The Securities and Exchange Commission (“SEC”) recently implemented amendments to most fee-bearing forms and related rules with a stated goal of modernizing filing fee disclosure and enhancing the validation speed and accuracy of filing fee amounts. Most of the rule changes went into effect on January 31, 2022, and directly affect shelf registration statement filings and prospectus filings made after such date.
Prior to the implementation of the rule changes, filing fee-related information was required to be included on a prospectus filing’s cover page and/or as part of a registration statement. Under the new rules, filing-fee related information is required to be included in a separate exhibit in a table format. Revised Item 14(b) of Form SF-3 sets forth three table options depending on the type of fee being paid (e.g., new fee, previously paid fee, carry forward securities, fee offset), and each table contains information that was previously provided in a narrative format on the cover of a prospectus or in Part II of a shelf registration statement. Asset-backed securities issuers will likely look to Table 1 and/or Table 2 and, if applicable, document the carryover of securities or fee offsets tied to prior registration statements or previous filings.

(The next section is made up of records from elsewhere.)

(* In the setting described in the context, the elements $1$, $\rho$, $\gamma_j$ ($1\le j\le 6n+1$), $\delta_A$, $\delta_{B,j}^{\pm}$ ($1\le j\le 3n$) and $\delta_{C,j}^{\pm}$ ($1\le j\le 6n+1$) of $K$ are all totally positive.
   Context: For integers $m\ge0$ define integers $x_m,y_m$ by $\frac{x_m+y_m\sqrt5}{2}=\big(\frac{1+\sqrt5}{2}\big)^m$. Let $n\ge0$ be an integer such that $p:=y_{12n+3}^2-1$ and $r:=x_{12n+3}^2-1$ are squarefree, and let $K=\mathbb{Q}(\sqrt5,\sqrt p)$ (note $r=5p$, so $\sqrt r\in K$). Write $X=x_{12n+3}$, $Y=y_{12n+3}$, and $[a,b,c,d]:=a+b\sqrt5+c\sqrt p+d\sqrt r$. Define $\rho:=[\frac{X+Y}{2},0,-\frac12,\frac12]$; for $1\le j\le 6n+1$, $\gamma_j:=[\frac{y_{2j-1}X+1}{2},\frac{x_{2j-1}X-(-1)^j}{10},(-1)^j\frac{x_{2j-1}}{2},(-1)^j\frac{y_{2j-1}}{2}]$; and \[ \delta_A:=\Big[\tfrac14,-\tfrac1{20},0,-\tfrac{1}{5(X+Y)}\Big],\quad \delta_{B,j}^{\pm}:=\Big[\tfrac14,-\tfrac1{20},\pm\tfrac{X-x_{4j-1}}{20p},\mp\tfrac{X-y_{4j-1}}{4r}\Big]\ (1\le j\le 3n), \] \[ \delta_{C,j}^{\pm}:=\Big[\tfrac14,\pm\tfrac1{20},-\tfrac{Y-y_{2j-1}}{4p},\mp\tfrac{Y-x_{2j-1}}{4r}\Big]\ (1\le j\le 6n+1). \] An element is totally positive if all four of its real conjugates are positive. *)

From Stdlib Require Import Reals ZArith Lia Lra.
Open Scope R_scope.

(* x_m, y_m : the integers with (x_m + y_m sqrt5)/2 = ((1+sqrt5)/2)^m.
   Multiplying (x + y sqrt5)/2 by (1+sqrt5)/2 gives
   ((x+5y)/2 + ((x+y)/2) sqrt5)/2, whence the recursion below
   (the divisions are exact; see lemma xy_spec). *)
Fixpoint xy (m : nat) : Z * Z :=
  match m with
  | O => (2%Z, 0%Z)
  | S k => let (x, y) := xy k in (((x + 5 * y) / 2)%Z, ((x + y) / 2)%Z)
  end.

Definition xs (m : nat) : Z := fst (xy m).
Definition ys (m : nat) : Z := snd (xy m).

Lemma xy_par : forall m, exists k, (xs m + ys m = 2 * k)%Z.
Proof.
  unfold xs, ys; induction m as [|m IH].
  - exists 1%Z; reflexivity.
  - cbn [xy]. destruct (xy m) as [x y]; cbn [fst snd] in *. destruct IH as [k Hk].
    assert (Hx : (x + 5 * y = 2 * (k + 2 * y))%Z) by lia.
    rewrite Hx, Hk, !(Z.mul_comm 2), !Z.div_mul by lia.
    exists (k + y)%Z; lia.
Qed.

Lemma xy_spec : forall m,
  (IZR (xs m) + IZR (ys m) * sqrt 5) / 2 = ((1 + sqrt 5) / 2) ^ m.
Proof.
  intro m; induction m as [|m IH].
  - unfold xs, ys; simpl; lra.
  - destruct (xy_par m) as [k Hk].
    cbn [pow]. rewrite <- IH. unfold xs, ys in *. cbn [xy].
    destruct (xy m) as [x y]; cbn [fst snd] in *.
    assert (Hx : (x + 5 * y = 2 * (k + 2 * y))%Z) by lia.
    rewrite Hx, Hk, !(Z.mul_comm 2), !Z.div_mul by lia.
    assert (H5 : sqrt 5 * sqrt 5 = 5) by (apply sqrt_sqrt; lra).
    apply (f_equal IZR) in Hk. rewrite plus_IZR, mult_IZR in Hk.
    rewrite plus_IZR, mult_IZR. simpl IZR in *.
    replace (IZR x) with (2 * IZR k - IZR y) by lra.
    set (q := sqrt 5) in *.
    transitivity ((IZR k + 2 * IZR y) / 2 + IZR k / 2 * q); [field|].
    transitivity ((1 + q) / 2 * ((2 * IZR k - IZR y + IZR y * q) / 2)
                  - IZR y * (q * q - 5) / 4); [field | rewrite H5; field].
Qed.

Definition squarefree (z : Z) : Prop :=
  forall d : Z, (d * d | z)%Z -> Z.abs d = 1%Z.

Definition Xn (n : nat) : Z := xs (12 * n + 3).
Definition Yn (n : nat) : Z := ys (12 * n + 3).
Definition pn (n : nat) : Z := (Yn n ^ 2 - 1)%Z.
Definition rn (n : nat) : Z := (Xn n ^ 2 - 1)%Z.

(* An element [a,b,c,d] = a + b sqrt5 + c sqrt p + d sqrt r of
   K = Q(sqrt5, sqrt p), with sqrt r = sqrt5 * sqrt p (r = 5p).
   Coordinates are given as real numbers (they are rational). *)
Record elt := mkElt { ea : R; eb : R; ec : R; ed : R }.

Definition sgn (b : bool) : R := if b then 1 else -1.

(* The four real embeddings of K: sqrt5 |-> s sqrt5, sqrt p |-> t sqrt p,
   hence sqrt r = sqrt5 sqrt p |-> s t sqrt r. *)
Definition embed (p r : Z) (s t : bool) (e : elt) : R :=
  ea e + sgn s * eb e * sqrt 5 + sgn t * ec e * sqrt (IZR p)
       + sgn s * sgn t * ed e * sqrt (IZR r).

Definition totally_positive (p r : Z) (e : elt) : Prop :=
  forall s t : bool, 0 < embed p r s t e.

Definition one_elt : elt := mkElt 1 0 0 0.

Definition rho (n : nat) : elt :=
  mkElt ((IZR (Xn n) + IZR (Yn n)) / 2) 0 (- (1 / 2)) (1 / 2).

Definition gamma (n j : nat) : elt :=
  let X := IZR (Xn n) in
  let x := IZR (xs (2 * j - 1)) in
  let y := IZR (ys (2 * j - 1)) in
  mkElt ((y * X + 1) / 2) ((x * X - (-1) ^ j) / 10)
        ((-1) ^ j * x / 2) ((-1) ^ j * y / 2).

Definition deltaA (n : nat) : elt :=
  mkElt (1 / 4) (- (1 / 20)) 0 (- (1 / (5 * (IZR (Xn n) + IZR (Yn n))))).

(* sign e = true for the "+" version, false for "-" *)
Definition deltaB (n j : nat) (e : bool) : elt :=
  let X := IZR (Xn n) in
  mkElt (1 / 4) (- (1 / 20))
        (sgn e * ((X - IZR (xs (4 * j - 1))) / (20 * IZR (pn n))))
        (- sgn e * ((X - IZR (ys (4 * j - 1))) / (4 * IZR (rn n)))).

Definition deltaC (n j : nat) (e : bool) : elt :=
  let Y := IZR (Yn n) in
  mkElt (1 / 4) (sgn e * (1 / 20))
        (- ((Y - IZR (ys (2 * j - 1))) / (4 * IZR (pn n))))
        (- sgn e * ((Y - IZR (xs (2 * j - 1))) / (4 * IZR (rn n)))).

From Stdlib Require Import Reals ZArith Lia Lra Nsatz.
Open Scope R_scope.

(* With [phi = (1 + sqrt 5) / 2], Binet's formulas for odd [m] read
   [x_m = phi^m - phi^-m] and [sqrt 5 y_m = phi^m + phi^-m].  For [A = phi^(12n+3)]
   this gives [X^2 - 1 = 5 (Y^2 - 1)], so [r = 5 p] and both [(X, sqrt r)] and
   [(Y, sqrt p)] lie on the hyperbola [Z^2 - w^2 = 1].  Under each real embedding,
   [rho], [gamma_j] and [delta_A] become sums of terms that are positive because
   [w < Z] there, while a positive multiple of [delta_B] or [delta_C] becomes
   [w +- (Z - c)] with [c] one of [phi^(m-1)], [phi^(1-m)].  Since
   [Z - w = 1 / (Z + w)], both lie in the window [Z - w < c < Z + w] as soon as
   [phi <= phi^m < phi Z], and the bounds on [j] guarantee exactly that. *)

Lemma sqrt5_sq : sqrt 5 * sqrt 5 = 5.
Proof. apply sqrt_sqrt; lra. Qed.

Lemma sqrt5_mul_sq a : (sqrt 5 * a) * (sqrt 5 * a) = 5 * (a * a).
Proof. rewrite <- sqrt5_sq at 3; ring. Qed.

Lemma sqrt5_bounds : 2 < sqrt 5 < 3.
Proof.
  pose proof sqrt5_sq. assert (0 < sqrt 5) by (apply sqrt_lt_R0; lra).
  split; nra.
Qed.

Definition phi : R := (1 + sqrt 5) / 2.

Lemma phi_gt1 : 1 < phi.
Proof. unfold phi; pose proof sqrt5_bounds; lra. Qed.

Lemma phi_pos : 0 < phi.
Proof. pose proof phi_gt1; lra. Qed.

Lemma phi_cube : phi ^ 3 = 2 + sqrt 5.
Proof. unfold phi; pose proof sqrt5_sq; field_simplify_eq; cbn [pow]; nsatz. Qed.

Lemma xy_succ m :
  2 * IZR (xs (S m)) = IZR (xs m) + 5 * IZR (ys m) /\
  2 * IZR (ys (S m)) = IZR (xs m) + IZR (ys m).
Proof.
  destruct (xy_par m) as [k Hk]. unfold xs, ys in *; cbn [xy].
  destruct (xy m) as [x y]; cbn [fst snd] in *.
  replace (x + 5 * y)%Z with ((k + 2 * y) * 2)%Z by lia.
  rewrite Hk, (Z.mul_comm 2 k), !Z.div_mul by lia.
  rewrite <- !mult_IZR, <- !plus_IZR. split; f_equal; lia.
Qed.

Each table contains instructions on what data should be provided. For example, an issuer filing a preliminary prospectus and using pay-as-you-go fees without anything to carryover from a prior shelf or registration statement will complete Table 1 and document the “Fees to be paid” as the amount of the wire that the issuer is sending to the SEC in connection with the offering. The applicable table must also include any explanatory footnotes that were previously required, such as a footnote that a prior registration statement has been terminated or completed in order to carry over fees and a footnote that payment of registration fees are being deferred to utilize pay-as-you-go under a registration statement filing.
In addition, prior to the new rules being implemented, filing fee calculations were only shown either in a preliminary prospectus or in a registration statement. Now, a fee exhibit is required for a final prospectus, which must include an updated maximum aggregate offering price and an indication that the prospectus is a final prospectus for the related offering. Based on the above example, the issuer would document the amount of the securities sold.
The SEC intends to use the tabular format to automate the fee validation process such that filings will be suspended if the correct supporting information is not provided in the required format. However, the SEC Release clarifies that this suspension will be phased-in a few months after issuers have had a chance to learn the new system. This validation process will also provide additional comfort to issuers that the fee calculation is confirmed.
Asset-backed issuers relying on Form SF-3 registration statements are permitted, but not required, to provide the filing fee tables using Inline eXtensible Business Reporting Language (“XBRL”). The XBRL format will be required for certain issuers over time, but the SEC has not yet extended that requirement to asset-backed issuers.